===== PROVIDED DATA

(* Let $M$ be a model with borders and $U\subseteq M$ an up-set. The following are equivalent: (1) there is a $(\wedge,\to)$-formula $\varphi$ with $v(\varphi)=U$; (2) for all $x\in M$: if for every $z\in M^s$ with $z\ge x$ there exists $y\in U\cap M^s$ bisimilar to $z$ in $M^s$, then $x\in U$; (3) for all $x\in M$: (a) if all separated points $z\ge x$ are in $U$, then $x\in U$; and (b) if $x\in M^s$ and there exists $x'\in U\cap M^s$ bisimilar to $x$ in $M^s$, then $x\in U$.
   Context: Fix $n\ge1$ and variables $p_1,\dots,p_n$. A model is $(M,\le,c)$, $(M,\le)$ a poset, $c:M\to\{0,1\}^n$ order-preserving (componentwise order), with intuitionistic Kripke semantics ($x\models p_i$ iff $c(x)_i=1$; $x\models\varphi\to\psi$ iff every $y\ge x$ satisfying $\varphi$ satisfies $\psi$). $v(\varphi)$ is the set of points of $M$ satisfying $\varphi$. A $(\wedge,\to)$-formula uses only $\wedge,\to$. A point $x$ is a $q$-border point if $x\not\models q$ and all $y>x$ satisfy $q$; separated if it is a $q$-border point for some variable $q$. $M^s$ is the set of separated points with restricted order and colouring, a model in its own right, all of whose chains have at most $n$ elements. $M$ has borders if for every variable $p$ and $x$ with $x\not\models p$ there is a $p$-border point $y\ge x$. Two points of $M^s$ are bisimilar in $M^s$ if they are related by an intuitionistic bisimulation of the model $M^s$ (colour-preserving, with forth and back conditions for $\le$); equivalently, since $M^s$ has finite depth, they have the same image under the unique p-morphism from $M^s$ to the $n$-universal model $U(n)$. *)

From mathcomp Require Import all_boot.
Set Implicit Arguments. Unset Strict Implicit. Unset Printing Implicit Defensive.

(* An intuitionistic Kripke model over variables p_0..p_{n-1}:
   a poset (M, le) with an order-preserving colouring c : M -> {0,1}^n. *)
Record model (n : nat) := Model {
  carrier :> Type;
  le : carrier -> carrier -> Prop;
  le_refl : forall x, le x x;
  le_antisym : forall x y, le x y -> le y x -> x = y;
  le_trans : forall x y z, le x y -> le y z -> le x z;
  col : carrier -> 'I_n -> bool;
  col_mono : forall x y (i : 'I_n), le x y -> col x i -> col y i
}.

Definition lt n (M : model n) (x y : M) : Prop := le x y /\ x <> y.

Inductive aiform (n : nat) : Type :=
| AVar of 'I_n
| AAnd of aiform n & aiform n
| AImp of aiform n & aiform n.

Fixpoint sat n (M : model n) (x : M) (phi : aiform n) : Prop :=
  match phi with
  | AVar i => col x i = true
  | AAnd a b => sat x a /\ sat x b
  | AImp a b => forall y : M, le x y -> sat y a -> sat y b
  end.

Definition upset n (M : model n) (U : M -> Prop) : Prop :=
  forall x y : M, le x y -> U x -> U y.

Definition border n (M : model n) (q : 'I_n) (x : M) : Prop :=
  col x q = false /\ forall y : M, lt x y -> col y q = true.

Definition separated n (M : model n) (x : M) : Prop :=
  exists q, border q x.

Definition has_borders n (M : model n) : Prop :=
  forall (p : 'I_n) (x : M), col x p = false ->
    exists y : M, le x y /\ border p y.

(* intuitionistic bisimulation of the model M^s (separated points,
   restricted order and colouring) *)
Definition sbisimulation n (M : model n) (R : M -> M -> Prop) : Prop :=
  forall x x' : M, R x x' ->
    [/\ separated x, separated x',
        (forall i, col x i = col x' i),
        (forall y : M, separated y -> le x y ->
           exists2 y' : M, separated y' /\ le x' y' & R y y') &
        (forall y' : M, separated y' -> le x' y' ->
           exists2 y : M, separated y /\ le x y & R y y')].

Definition sbisimilar n (M : model n) (x x' : M) : Prop :=
  exists R, sbisimulation R /\ R x x'.

(* Every separated point z has a characteristic (/\,->)-formula, refuted exactly at the
   points that see a point bisimilar to z in M^s.  It is built by induction on the number
   of variables false at z, which is at most n since chains of separated points strictly
   gain variables; at each stage finitely many formulas suffice.  Since M has borders, a
   formula holds at x iff it holds at all separated points above x, and formulas are
   invariant under bisimulation of M^s, which gives (1) -> (3).  Conversely, under (3) the
   conjunction of those characteristic formulas that hold on all separated points of U
   defines U. *)
From mathcomp Require Import all_boot.
From Stdlib Require Import Classical.
From Stdlib Require List.
Set Implicit Arguments. Unset Strict Implicit. Unset Printing Implicit Defensive.

Section Semantics.
Variables (n : nat) (M : model n).

Lemma le_eq_or_lt (x y : M) : le x y -> x = y \/ lt x y.
Proof. by move=> hxy; case: (classic (x = y)) => [|nxy]; [left | right]. Qed.

Lemma sat_monotone (phi : aiform n) (x y : M) : le x y -> sat x phi -> sat y phi.
Proof.
elim: phi x y => [i|a IHa b IHb|a IHa b IHb] x y hxy /=.
- exact: col_mono.
- by case=> ha hb; split; [exact: IHa hxy ha | exact: IHb hxy hb].
- by move=> h v hyv; apply: h; exact: le_trans hxy hyv.
Qed.

Lemma unsat_imp (a b : aiform n) (x : M) :
  ~ sat x (AImp a b) -> exists y, [/\ le x y, sat y a & ~ sat y b].
Proof.
move=> h; apply: NNPP => hne; apply: h => y hxy hya.
by apply: NNPP => hyb; apply: hne; exists y.
Qed.

Hypothesis hb : has_borders M.

Lemma refuted_at_separated (phi : aiform n) (x : M) :
  ~ sat x phi -> exists w, [/\ le x w, separated w & ~ sat w phi].
Proof.
elim: phi x => [i|a IHa b IHb|a IHa b IHb] x /= hx.
- move/negP/negbTE: hx => hxi; have [y [hxy [hyi hy]]] := hb hxi.
  by exists y; split=> //; [exists i | rewrite hyi].
- have [ha|ha] := classic (sat x a).
  + have [|w [hxw sw hwb]] := IHb x; first by move=> hxb; apply: hx.
    by exists w; split=> // -[].
  + have [w [hxw sw hwa]] := IHa x ha.
    by exists w; split=> // -[].
- have [y [hxy hya hyb]] := unsat_imp hx.
  have [w [hyw sw hwb]] := IHb y hyb.
  exists w; split=> //; first exact: le_trans hxy hyw.
  by move=> h; apply: hwb; apply: h (le_refl w) (sat_monotone hyw hya).
Qed.

Lemma sat_of_separated (phi : aiform n) (x : M) :
  (forall w, separated w -> le x w -> sat w phi) -> sat x phi.
Proof.
move=> h; apply: NNPP => /refuted_at_separated [w [hxw sw hwphi]].
exact: hwphi (h w sw hxw).
Qed.

End Semantics.

Section Bisimulation.
Variables (n : nat) (M : model n).

Lemma sbisimilar_sbisimulation : sbisimulation (@sbisimilar n M).
Proof.
move=> x x' [R [hR hxx']]; have [sx sx' hc hf hbk] := hR x x' hxx'.
split=> // [y sy hxy|y' sy' hxy'].
- by have [y' hy' hyy'] := hf y sy hxy; exists y' => //; exists R.
- by have [y hy hyy'] := hbk y' sy' hxy'; exists y => //; exists R.
Qed.

Lemma sbisimilar_sym (x y : M) : sbisimilar x y -> sbisimilar y x.
Proof.
case=> R [hR hxy]; exists (fun a b => R b a); split=> // a b hab.
by have [sb sa hc hf hbk] := hR b a hab; split=> // i; rewrite hc.
Qed.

==========

EXERCISE DIRECTIONS: Your answer must be an exact copy of every entry above.

TASK SOLUTION:
(* Let $M$ be a model with borders and $U\subseteq M$ an up-set. The following are equivalent: (1) there is a $(\wedge,\to)$-formula $\varphi$ with $v(\varphi)=U$; (2) for all $x\in M$: if for every $z\in M^s$ with $z\ge x$ there exists $y\in U\cap M^s$ bisimilar to $z$ in $M^s$, then $x\in U$; (3) for all $x\in M$: (a) if all separated points $z\ge x$ are in $U$, then $x\in U$; and (b) if $x\in M^s$ and there exists $x'\in U\cap M^s$ bisimilar to $x$ in $M^s$, then $x\in U$.
   Context: Fix $n\ge1$ and variables $p_1,\dots,p_n$. A model is $(M,\le,c)$, $(M,\le)$ a poset, $c:M\to\{0,1\}^n$ order-preserving (componentwise order), with intuitionistic Kripke semantics ($x\models p_i$ iff $c(x)_i=1$; $x\models\varphi\to\psi$ iff every $y\ge x$ satisfying $\varphi$ satisfies $\psi$). $v(\varphi)$ is the set of points of $M$ satisfying $\varphi$. A $(\wedge,\to)$-formula uses only $\wedge,\to$. A point $x$ is a $q$-border point if $x\not\models q$ and all $y>x$ satisfy $q$; separated if it is a $q$-border point for some variable $q$. $M^s$ is the set of separated points with restricted order and colouring, a model in its own right, all of whose chains have at most $n$ elements. $M$ has borders if for every variable $p$ and $x$ with $x\not\models p$ there is a $p$-border point $y\ge x$. Two points of $M^s$ are bisimilar in $M^s$ if they are related by an intuitionistic bisimulation of the model $M^s$ (colour-preserving, with forth and back conditions for $\le$); equivalently, since $M^s$ has finite depth, they have the same image under the unique p-morphism from $M^s$ to the $n$-universal model $U(n)$. *)

From mathcomp Require Import all_boot.
Set Implicit Arguments. Unset Strict Implicit. Unset Printing Implicit Defensive.

(* An intuitionistic Kripke model over variables p_0..p_{n-1}:
   a poset (M, le) with an order-preserving colouring c : M -> {0,1}^n. *)
Record model (n : nat) := Model {
  carrier :> Type;
  le : carrier -> carrier -> Prop;
  le_refl : forall x, le x x;
  le_antisym : forall x y, le x y -> le y x -> x = y;
  le_trans : forall x y z, le x y -> le y z -> le x z;
  col : carrier -> 'I_n -> bool;
  col_mono : forall x y (i : 'I_n), le x y -> col x i -> col y i
}.

Definition lt n (M : model n) (x y : M) : Prop := le x y /\ x <> y.

Inductive aiform (n : nat) : Type :=
| AVar of 'I_n
| AAnd of aiform n & aiform n
| AImp of aiform n & aiform n.

Fixpoint sat n (M : model n) (x : M) (phi : aiform n) : Prop :=
  match phi with
  | AVar i => col x i = true
  | AAnd a b => sat x a /\ sat x b
  | AImp a b => forall y : M, le x y -> sat y a -> sat y b
  end.

Definition upset n (M : model n) (U : M -> Prop) : Prop :=
  forall x y : M, le x y -> U x -> U y.

Definition border n (M : model n) (q : 'I_n) (x : M) : Prop :=
  col x q = false /\ forall y : M, lt x y -> col y q = true.

Definition separated n (M : model n) (x : M) : Prop :=
  exists q, border q x.

Definition has_borders n (M : model n) : Prop :=
  forall (p : 'I_n) (x : M), col x p = false ->
    exists y : M, le x y /\ border p y.

(* intuitionistic bisimulation of the model M^s (separated points,
   restricted order and colouring) *)
Definition sbisimulation n (M : model n) (R : M -> M -> Prop) : Prop :=
  forall x x' : M, R x x' ->
    [/\ separated x, separated x',
        (forall i, col x i = col x' i),
        (forall y : M, separated y -> le x y ->
           exists2 y' : M, separated y' /\ le x' y' & R y y') &
        (forall y' : M, separated y' -> le x' y' ->
           exists2 y : M, separated y /\ le x y & R y y')].

Definition sbisimilar n (M : model n) (x x' : M) : Prop :=
  exists R, sbisimulation R /\ R x x'.

(* Every separated point z has a characteristic (/\,->)-formula, refuted exactly at the
   points that see a point bisimilar to z in M^s.  It is built by induction on the number
   of variables false at z, which is at most n since chains of separated points strictly
   gain variables; at each stage finitely many formulas suffice.  Since M has borders, a
   formula holds at x iff it holds at all separated points above x, and formulas are
   invariant under bisimulation of M^s, which gives (1) -> (3).  Conversely, under (3) the
   conjunction of those characteristic formulas that hold on all separated points of U
   defines U. *)
From mathcomp Require Import all_boot.
From Stdlib Require Import Classical.
From Stdlib Require List.
Set Implicit Arguments. Unset Strict Implicit. Unset Printing Implicit Defensive.

Section Semantics.
Variables (n : nat) (M : model n).

Lemma le_eq_or_lt (x y : M) : le x y -> x = y \/ lt x y.
Proof. by move=> hxy; case: (classic (x = y)) => [|nxy]; [left | right]. Qed.

Lemma sat_monotone (phi : aiform n) (x y : M) : le x y -> sat x phi -> sat y phi.
Proof.
elim: phi x y => [i|a IHa b IHb|a IHa b IHb] x y hxy /=.
- exact: col_mono.
- by case=> ha hb; split; [exact: IHa hxy ha | exact: IHb hxy hb].
- by move=> h v hyv; apply: h; exact: le_trans hxy hyv.
Qed.

Lemma unsat_imp (a b : aiform n) (x : M) :
  ~ sat x (AImp a b) -> exists y, [/\ le x y, sat y a & ~ sat y b].
Proof.
move=> h; apply: NNPP => hne; apply: h => y hxy hya.
by apply: NNPP => hyb; apply: hne; exists y.
Qed.

Hypothesis hb : has_borders M.

Lemma refuted_at_separated (phi : aiform n) (x : M) :
  ~ sat x phi -> exists w, [/\ le x w, separated w & ~ sat w phi].
Proof.
elim: phi x => [i|a IHa b IHb|a IHa b IHb] x /= hx.
- move/negP/negbTE: hx => hxi; have [y [hxy [hyi hy]]] := hb hxi.
  by exists y; split=> //; [exists i | rewrite hyi].
- have [ha|ha] := classic (sat x a).
  + have [|w [hxw sw hwb]] := IHb x; first by move=> hxb; apply: hx.
    by exists w; split=> // -[].
  + have [w [hxw sw hwa]] := IHa x ha.
    by exists w; split=> // -[].
- have [y [hxy hya hyb]] := unsat_imp hx.
  have [w [hyw sw hwb]] := IHb y hyb.
  exists w; split=> //; first exact: le_trans hxy hyw.
  by move=> h; apply: hwb; apply: h (le_refl w) (sat_monotone hyw hya).
Qed.

Lemma sat_of_separated (phi : aiform n) (x : M) :
  (forall w, separated w -> le x w -> sat w phi) -> sat x phi.
Proof.
move=> h; apply: NNPP => /refuted_at_separated [w [hxw sw hwphi]].
exact: hwphi (h w sw hxw).
Qed.

End Semantics.

Section Bisimulation.
Variables (n : nat) (M : model n).

Lemma sbisimilar_sbisimulation : sbisimulation (@sbisimilar n M).
Proof.
move=> x x' [R [hR hxx']]; have [sx sx' hc hf hbk] := hR x x' hxx'.
split=> // [y sy hxy|y' sy' hxy'].
- by have [y' hy' hyy'] := hf y sy hxy; exists y' => //; exists R.
- by have [y hy hyy'] := hbk y' sy' hxy'; exists y => //; exists R.
Qed.

Lemma sbisimilar_sym (x y : M) : sbisimilar x y -> sbisimilar y x.
Proof.
case=> R [hR hxy]; exists (fun a b => R b a); split=> // a b hab.
by have [sb sa hc hf hbk] := hR b a hab; split=> // i; rewrite hc.
Qed.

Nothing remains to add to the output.